The sugar concentration in a solution (e.g., in a urine specimen) can be measured conveniently by using the optical activity of sugar and other asymmetric molecules. In general, an optically active molecule, like sugar, will rotate the plane of polarization through an angle that is proportional to the thickness of the sample and to the concentration of the molecule. To measure the concentration of a given solution, a sample of known thickness is placed between two polarizing filters that are at right angles to each other, as shown in the figure. The intensity of light transmitted through the two filters can be compared with a calibration chart to determine the concentration.

(i) What percentage of the incident (unpolarized) light will pass through the first filter?
(ii) If no sample is present, what percentage of the initial light will pass through the second filter?
(iii) When a particular sample is placed between the two filters, the intensity of light emerging from the second filter is 40.0% of the incident intensity. Through what angle did the sample rotate the plane of polarization?
(iv) A second sample has half the sugar concentration of the first sample. Find the intensity of light emerging from the second filter in this case.

(i) The first filter only allows light that is polarized in a particular direction to pass through. Since the incident light is unpolarized, it contains an equal amount of light polarized in all directions. Therefore, when an unpolarized light passes through a polarizing filter, only 50% of the incident light will pass through the first filter.

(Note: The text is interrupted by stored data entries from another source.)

(* Let $n\ge2$ and $\mu\in(0,\frac1n(\frac{n-1}{n})^{n-1})$. Let $\mathcal{D}(\mu)\subset\mathbb{R}^{n+1}$ be the Euclidean Delaunay unduloid with profile $f$, normalized so that $f(0)=a_-(\mu)$, and with period $T(\mu)$. Let $$a(x)=(1+f'(x)^2)^{-1/2}f'(x),$$ regarded as a function on $\mathcal{D}(\mu)$. Then: 1. $(\Delta-V)a=0$ on $\mathcal{D}(\mu)$; 2. $a$ vanishes exactly at the points $x=kT(\mu)/2$, $k\in\mathbb{Z}$; 3. $a'$ has exactly two zeros $\zeta_1(\mu),\zeta_2(\mu)$ in $[0,T(\mu)]$, and they satisfy $0<\zeta_1(\mu)<T(\mu)/2<\zeta_2(\mu)<T(\mu)$.
   Context: For $\mu\in(0,\frac1n(\frac{n-1}{n})^{n-1})$, $f$ is a nonconstant positive solution on $\mathbb{R}$ of $\mu=f^{n-1}(1+f'^2)^{-1/2}-f^n$. The unduloid $\mathcal{D}(\mu)$ is parametrized by $F(x,\omega)=(x,f(x)\omega)$, $\omega\in S^{n-1}$; it has constant mean curvature $1$ with respect to the unit normal $N=(1+f'^2)^{-1/2}(f',-\omega)$. The function $f$ oscillates between $a_-(\mu)$ and $a_+(\mu)$, the two positive roots of $X^n-X^{n-1}+\mu=0$. It is $T(\mu)$-periodic, where $T(\mu)$ is the distance between consecutive minima. $\Delta$ is the non-negative Laplace–Beltrami operator of the induced metric, and $V=\|B\|^2=n(1+(n-1)\mu^2f^{-2n})$. Note that $a=\langle N,(1,0,\dots,0)\rangle$. *)

From Stdlib Require Import Reals Lra.
From Coquelicot Require Import Coquelicot.
Open Scope R_scope.

Definition delaunay_ode (n : nat) (mu : R) (f : R -> R) : Prop :=
  forall x, mu = f x ^ (n - 1) / sqrt (1 + (Derive f x) ^ 2) - f x ^ n.
Lemma posterior_null q s t : \sum_t q t = 1 -> posterior q null_signal s t = q t.
Proof.
move=> q1; rewrite posteriorE /null_signal (eq_bigr q) => [|t' _]; last exact: mulr1.
by rewrite q1 mulr1 divr1.
Qed.

Lemma expval_posterior_null q s a :
  \sum_t q t = 1 -> expval (posterior q null_signal s) a = expval q a.
Proof. by move=> q1; apply: eq_bigr => t _; rewrite posterior_null. Qed.

Lemma Wage_null A p q : \sum_t p t = 1 -> \sum_t q t = 1 ->
  Wage A p q null_signal = Defs.maxA A (expval q).
Proof.
move=> p1 q1; rewrite /Wage /wage.
under eq_bigr => t _ do rewrite big_fset1 /null_signal mul1r.
by rewrite -mulr_suml p1 mul1r; apply: eq_maxA => a; exact: expval_posterior_null.
Qed.

Lemma is_argmax_fset1 q a : is_argmax [fset a] q a.
Proof. by split=> [|b /fset1P ->]; rewrite ?fset11. Qed.

Lemma slightly_more_inf_null_fset1 a q (S' : {fset real}) (pi' : S' -> Theta -> real) :
  (forall t, \sum_s pi' s t = 1) -> slightly_more_inf [fset a] q pi' null_signal.
Proof.
move=> pi'1; exists (fun _ _ => 1); split; first exact: garbling_kernel_null.
by move=> s s' _; exists a; split; exact: is_argmax_fset1.
Qed.

Lemma slightly_more_inf_null_argmax A q (S' : {fset real}) (pi' : S' -> Theta -> real) :
  \sum_t q t = 1 -> slightly_more_inf A q pi' null_signal ->
  forall s', exists a, is_argmax A q a /\ is_argmax A (posterior q pi' s') a.
Proof.
move=> q1 [g [[_ g1 _] common]] s'.
have g_pos : 0 < g [` fset11 0] s'.
  by move: (g1 s'); rewrite big_fset1 => ->; exact: ltr01.
have [a [[aA a_null] a_fine]] := common _ _ g_pos.
exists a; split=> //; split=> // b bA.
by have := a_null b bA; rewrite !expval_posterior_null.
Qed.

End Wages.

Arguments null_signal {Theta}.

Definition counterexample_exists (k : nat) : Prop :=
  exists (Theta : {fset real}), (2 <= #|` Theta|)%N /\
  exists (A : {fset task Theta}) (p qI qJ : Theta -> real)
         (S : {fset real}) (pi : S -> Theta -> real)
         (S' : {fset real}) (pi' : S' -> Theta -> real),
    [/\ firm A, full_support p, full_support qI, full_support qJ
      & LR_ge qI qJ] /\
    [/\ signal_structure pi, signal_structure pi' & blackwell_ge pi' pi] /\
    ~ property k A p qI qJ pi pi' /\
    (forall j : nat, (j < 5)%N -> j <> k -> property j A p qI qJ pi pi') /\
    ~ (Wage A p qI pi' - Wage A p qJ pi' <= Wage A p qI pi - Wage A p qJ pi).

(ii) When no sample is present, the second filter will block all the light that has been polarized by the first filter. Since the first filter only allowed 50% of the incident light through, no light will pass through the second filter. Therefore, 0% of the initial light will pass through the second filter when no sample is present.

(iii) If the intensity of light emerging from the second filter is 40% of the incident intensity, it means that the second filter is only allowing 40% of the polarized light from the first filter to pass through. Since the second filter is at a right angle to the first filter, the sample must have rotated the plane of polarization by an angle such that only 40% of the light can pass through.

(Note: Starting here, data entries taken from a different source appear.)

(* Let $T$ be a tree that is not isomorphic to the path $P_2$. Then the following statements are equivalent: (i) $\gamma_M(T)=\ell(T)$; (ii) $\gamma(T)=|\mathcal S(T)|$; (iii) for every vertex $u\in V(T)$ there is a leaf of $T$ at distance at most $2$ from $u$.
   Context: All graphs are finite, simple, undirected and connected; $d(u,v)$ is the shortest-path distance. A set $S\subseteq V(G)$ is a resolving set if for all distinct $x,y\in V(G)$ there is $u\in S$ with $d(u,x)\neq d(u,y)$. A set $S$ is dominating if every vertex not in $S$ has a neighbor in $S$; $\gamma(G)$ is the minimum size of a dominating set. A metric-locating-dominating set (MLD-set) is a set that is both resolving and dominating; $\gamma_M(G)$ is the minimum size of an MLD-set. In a tree $T$, a leaf is a vertex of degree 1, $\ell(T)$ is the number of leaves, a support vertex is a vertex adjacent to some leaf, and $\mathcal S(T)$ is the set of support vertices. *)

From mathcomp Require Import all_boot.
Set Implicit Arguments. Unset Strict Implicit. Unset Printing Implicit Defensive.

Section Graphs.
Variable T : finType.
Variable e : rel T.

Definition simple_graph := symmetric e /\ irreflexive e.
Definition connected_graph := forall x y : T, connect e x y.
Definition acyclic := ~ exists c : seq T, [&& 2 < size c, uniq c & cycle e c].
Definition is_tree := [/\ 0 < #|T|, simple_graph, connected_graph & acyclic].

Definition walk_of_len (u v : T) (k : nat) : bool :=
  [exists t : k.-tuple T, path e u t && (last u t == v)].

(* shortest-path distance: least k with a walk (hence a path) of length k;
   shortest paths have length < #|T| in a connected graph *)
Definition dist (u v : T) : nat := find (walk_of_len u v) (iota 0 #|T|).

Definition resolving (S : {set T}) : bool :=
  [forall x, forall y, (x != y) ==> [exists u in S, dist u x != dist u y]].
Definition dominating (S : {set T}) : bool :=
  [forall v, (v \notin S) ==> [exists u in S, e u v]].

Definition gamma : nat := #|[arg min_(S < [set: T] | dominating S) #|S|]|.
Definition gammaM : nat :=
  #|[arg min_(S < [set: T] | resolving S && dominating S) #|S|]|.

Definition leaf (x : T) : bool := #|[set y | e x y]| == 1.
Definition nleaves : nat := #|[set x | leaf x]|.
Definition support_set : {set T} := [set x | [exists y, leaf y && e x y]].

Definition iso_P2 : Prop :=
  exists f : T -> 'I_2, bijective f /\ forall x y, e x y = (f x != f y).
End Graphs.

From mathcomp Require Import all_boot.
Set Implicit Arguments. Unset Strict Implicit. Unset Printing Implicit Defensive.

(* A tree without leaves is a single vertex, where all three statements fail; otherwise,
   as T is not P_2, no two leaves are adjacent. A dominating set D contains, for every
   support vertex s, either s or its pendant leaf, which gives |S| <= gamma; a resolving
   dominating set contains, for every leaf a, either a or its support vertex, and distinct
   leaves not in D have distinct supports since twin leaves are only told apart by
   themselves, which gives l <= gammaM. In both cases equality forces D inside S u L, and a
   dominating set inside S u L places every vertex within distance 2 of a leaf. Conversely,
   under (iii) the support vertices dominate, and together with all leaves but one at each
   support vertex they resolve T: two unresolved vertices x, y would share a support
   neighbour u, and if x is not a leaf, the support vertex near a neighbour z <> u of x
   sees x at distance 2 and y at distance 4, unless T contains a cycle. *)

Section Walks.
Variables (T : finType) (e : rel T).

Lemma walk_of_lenP u v k :
  reflect (exists s : seq T, [/\ size s = k, path e u s & last u s = v])
          (walk_of_len e u v k).
Proof.
apply: (iffP existsP) => [[t /andP[Hp /eqP Hl]]|[s [Hs Hp Hl]]].
  by exists (val t); rewrite size_tuple.
have Hs' : size s == k by rewrite Hs.
by exists (Tuple Hs'); rewrite /= Hp Hl eqxx.
Qed.

Lemma walk_of_len0 u v : walk_of_len e u v 0 = (u == v).
Proof.
apply/walk_of_lenP/eqP => [[s [Hs _ <-]]|<-]; last by exists [::].
by case: s Hs.
Qed.

Lemma walk_of_len1 u v : walk_of_len e u v 1 = e u v.
Proof.
apply/walk_of_lenP/idP => [[s [Hs Hp <-]]|H]; last by exists [:: v]; rewrite /= H.
by case: s Hs Hp => [|a [|]]//= _ /andP[].
Qed.

Lemma walk_of_len2 u v : walk_of_len e u v 2 = [exists t, e u t && e t v].
Proof.
apply/walk_of_lenP/existsP => [[s [Hs Hp <-]]|[t /andP[H1 H2]]].
  by case: s Hs Hp => [|a [|b [|]]]//= _ /and3P[H1 H2 _]; exists a; rewrite H1.
by exists [:: t; v]; rewrite /= H1 H2.
Qed.

Lemma distE u v : 2 < #|T| ->
  dist e u v = if u == v then 0 else if e u v then 1 else
     if [exists t, e u t && e t v] then 2 else
     (find (walk_of_len e u v) (iota 3 (#|T| - 3))).+3.
Proof.
move=> card_gt2; rewrite /dist.
have -> : iota 0 #|T| = [:: 0, 1, 2 & iota 3 (#|T| - 3)].
  by rewrite -{1}(subnKC card_gt2).
by rewrite /= walk_of_len0 walk_of_len1 walk_of_len2; do 3 case: ifP => //.
Qed.

Lemma dist_eq0 u v : 0 < #|T| -> (dist e u v == 0) = (u == v).
Proof.
by rewrite /dist; case: #|T| => // n _; rewrite [iota _ _]/= /= walk_of_len0; case: (u == v).
Qed.

End Walks.

Section DominationNumbers.
Variables (T : finType) (e : rel T).

Lemma dominatingT : dominating e [set: T].
Proof. by apply/forallP => v; rewrite inE. Qed.

Lemma resolvingT : resolving e [set: T].
Proof.
apply/forallP => x; apply/forallP => y; apply/implyP => xy.
apply/exists_inP; exists x; rewrite ?inE //.
have T_gt0 : 0 < #|T| by apply/card_gt0P; exists x.
have /eqP -> : dist e x x == 0 by rewrite dist_eq0.
by rewrite eq_sym dist_eq0.
Qed.

Lemma gamma_leq (S : {set T}) : dominating e S -> gamma e <= #|S|.
Proof. by rewrite /gamma; case: arg_minnP => [|D _ H]; [exact: dominatingT | exact: H]. Qed.

Lemma gamma_witness : exists2 S : {set T}, dominating e S & #|S| = gamma e.
Proof. by rewrite /gamma; case: arg_minnP => [|D H _]; [exact: dominatingT | exists D]. Qed.

Lemma gammaM_leq (S : {set T}) :
  resolving e S -> dominating e S -> gammaM e <= #|S|.
Proof.
move=> resS domS; rewrite /gammaM; case: arg_minnP => [|D _ H].
  by rewrite resolvingT dominatingT.
by apply: H; rewrite resS.
Qed.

(iv) If the second sample has half the sugar concentration of the first sample, it means it will rotate the plane of polarization by half the angle of the first sample. Since the intensity of light emerging from the second filter is proportional to the angle of rotation, the intensity of light emerging from the second filter will be half of the intensity when the first sample was present. Therefore, the intensity of light emerging from the second filter will be 40% / 2 = 20% of the incident intensity.

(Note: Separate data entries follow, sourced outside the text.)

(* Let $n\ge 1$, $d\ge 2$, $1\le k\le n$ be integers and $R=n-k\lfloor n/k\rfloor$. For every $k$-separable state $\rho$ on $(\mathbb{C}^d)^{\otimes n}$, $$\|\tau(\rho)\|\le\sqrt{\big(d^{\lceil n/k\rceil}-1\big)^{R}\big(d^{\lfloor n/k\rfloor}-1\big)^{k-R}}.$$
   Context: Consider $n$ qudits with Hilbert space $(\mathbb{C}^d)^{\otimes n}$. Let $\lambda_0=\mathbb{1}_d$ and let $\lambda_1,\dots,\lambda_{d^2-1}$ be Hermitian traceless $d\times d$ matrices normalized so that $\mathrm{Tr}[\lambda_i\lambda_j]=d\,\delta_{ij}$. The full-body correlation tensor norm of a state $\rho$ is $\|\tau(\rho)\|=\big(\sum_{i_1,\dots,i_n=1}^{d^2-1}(\mathrm{Tr}[\rho\,\lambda_{i_1}\otimes\cdots\otimes\lambda_{i_n}])^2\big)^{1/2}$. A pure state is $k$-separable if it is a tensor product of $k$ pure states on the blocks of some partition of $\{1,\dots,n\}$ into $k$ nonempty blocks; a state is $k$-separable if it is a convex combination of $k$-separable pure states (partitions may differ between terms). *)

(* Complex scalars: an arbitrary numClosedFieldType C
   (e.g. algC, or complex R for a real closed / real field R). *)
From HB Require Import structures.
From mathcomp Require Import all_boot all_order all_algebra.
Set Implicit Arguments.
Unset Strict Implicit.
Unset Printing Implicit Defensive.
Import Order.TTheory GRing.Theory Num.Theory.
Local Open Scope ring_scope.

Section QuditDefs.
Variable C : numClosedFieldType.

(* Computational basis of (C^d)^{\otimes n}: configurations x : 'I_n -> 'I_d. *)
Definition config (n d : nat) := {ffun 'I_n -> 'I_d}.

(* Operators on (C^d)^{\otimes n}, given by their matrix entries
   in the computational basis. *)
Definition qop (n d : nat) := config n d -> config n d -> C.

Definition tensop (n d : nat) (A : 'I_n -> 'M[C]_d) : qop n d :=
  fun x y => \prod_(j < n) A j (x j) (y j).

Definition trprod (n d : nat) (rho M : qop n d) : C :=
  \sum_(x : config n d) \sum_(y : config n d) rho x y * M y x.

(* Hermitian, traceless, Tr[l_i l_j] = d delta_ij (indices 1..d^2-1 are
   represented 0-based by 'I_(d^2-1)). *)
Definition gellmann_basis (d : nat) (lam : 'I_(d ^ 2 - 1) -> 'M[C]_d) : Prop :=
  [/\ forall i a b, lam i b a = (lam i a b)^*,
      forall i, \tr (lam i) = 0
    & forall i j, \tr (lam i *m lam j) = d%:R * (i == j)%:R].

Definition tau_norm (n d : nat) (lam : 'I_(d ^ 2 - 1) -> 'M[C]_d)
    (rho : qop n d) : C :=
  sqrtC (\sum_(idx : {ffun 'I_n -> 'I_(d ^ 2 - 1)})
           (trprod rho (tensop (fun j => lam (idx j)))) ^+ 2).

(* psi is (up to the canonical identification) a tensor product of vectors
   on the k blocks of a partition P of {0..n-1}: psi x = prod_B phi_B (x|_B). *)
Definition k_product_vector (n d k : nat) (psi : config n d -> C) : Prop :=
  exists P : {set {set 'I_n}},
    [/\ partition P [set: 'I_n], #|P| = k &
      exists phi : {set 'I_n} -> config n d -> C,
        (forall B, B \in P -> forall x y : config n d,
            (forall i, i \in B -> x i = y i) -> phi B x = phi B y)
        /\ (forall x, psi x = \prod_(B in P) phi B x)].

Definition k_sep_pure (n d k : nat) (sigma : qop n d) : Prop :=
  exists psi : config n d -> C,
    [/\ \sum_(x : config n d) `|psi x| ^+ 2 = 1,
        k_product_vector k psi
      & forall x y, sigma x y = psi x * (psi y)^*].

Definition k_separable (n d k : nat) (rho : qop n d) : Prop :=
  exists (m : nat) (p : 'I_m -> C) (sigma : 'I_m -> qop n d),
    [/\ forall i, 0 <= p i,
        \sum_(i < m) p i = 1,
        forall i, k_sep_pure k (sigma i)
      & forall x y, rho x y = \sum_(i < m) p i * sigma i x y].

End QuditDefs.

Definition ceil_div (n k : nat) : nat := (n + k.-1) %/ k.

From HB Require Import structures.
From mathcomp Require Import all_boot all_order all_algebra.
From mathcomp Require Import zify ring.
Set Implicit Arguments.
Unset Strict Implicit.
Unset Printing Implicit Defensive.
Import Order.TTheory GRing.Theory Num.Theory.

(* A k-separable state is a mixture of pure product states |psi> = (x)_B |phi_B> over
   partitions into k blocks, and the squared norm of the correlation tensor is convex,
   so it suffices to treat such pure states. For them the full-body correlation tensor
   factorises over the blocks, T_e = prod_B t_B(e), hence ||T||^2 = prod_B ||t_B||^2.
   Within a block, the tensor products of the lam's are orthogonal to each other and to
   the identity, and Bessel's inequality for |phi_B><phi_B| against this orthogonal
   family gives ||t_B||^2 <= (d^|B| - 1) ||phi_B||^4: a pure state has squared
   Hilbert-Schmidt norm ||phi_B||^4 and its identity component carries d^-|B| of it. The
   ratios (d^(x+1) - 1) / (d^x - 1) decrease, so the product of the d^|B| - 1 over block
   sizes adding up to n is largest for the balanced partition. *)

Lemma leq_eq_trans a b c e : c <= e -> a = c -> b = e -> a <= b.
Proof. by move=> h -> ->. Qed.

Section BalancedProduct.
Variable d : nat.
Hypothesis d_gt1 : 1 < d.

Let f x := d ^ x - 1.

Lemma subn1_expn_ratio_mono a b : a <= b -> f a * f b.+1 <= f a.+1 * f b.
Proof.
move=> le_ab; rewrite /f !expnS.
have : 1 <= d ^ a <= d ^ b by rewrite expn_gt0 leq_pexp2l; lia.
move: (d ^ a) (d ^ b) => A B; nia.
Qed.

Variable q : nat.
Let u := f q.
Let v := f q.+1.

Lemma subn1_expn_above m : f (q + m) * u ^ m <= u * v ^ m.
Proof.
elim: m => [|m IHm]; first by rewrite addn0 !expn0 !muln1.
have step : f (q + m).+1 * u <= v * f (q + m).
  by rewrite mulnC; apply: subn1_expn_ratio_mono; lia.
rewrite addnS expnS mulnA (leq_trans (leq_mul step (leqnn _))) //.
by rewrite -mulnA expnS [u * (v * _)]mulnCA leq_mul2l IHm orbT.
Qed.

Lemma subn1_expn_below m : m <= q -> f (q - m) * v ^ m <= u ^ m.+1.
Proof.
elim: m => [|m IHm] le_mq; first by rewrite subn0 expn0 muln1 expn1.
have step : f (q - m.+1) * v <= f (q - m) * u.
  have -> : q - m = (q - m.+1).+1 by lia.
  exact: subn1_expn_ratio_mono (leq_subr _ _).
rewrite expnS mulnA (leq_trans (leq_mul step (leqnn _))) //.
by rewrite mulnAC [u ^ _.+1]expnS [u * _]mulnC leq_mul2r IHm ?orbT //; lia.
Qed.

(i) To determine the percentage of incident light that will pass through the first filter, we need to consider that the first filter is at the entrance of the system, before any light has interacted with the sample.

The first filter is called an analyzer and is placed perpendicular to the plane of polarization of the incident light. In this configuration, the analyzer will block all light that is polarized perpendicular to its transmission axis, and only allow light that is polarized parallel to its transmission axis to pass through.

Since the incident light is unpolarized, it consists of an equal combination of all possible orientations of polarization. Therefore, when the unpolarized light passes through the first filter, half of the intensity will be blocked because it is perpendicular to the transmission axis, and the other half will pass through because it is parallel to the transmission axis.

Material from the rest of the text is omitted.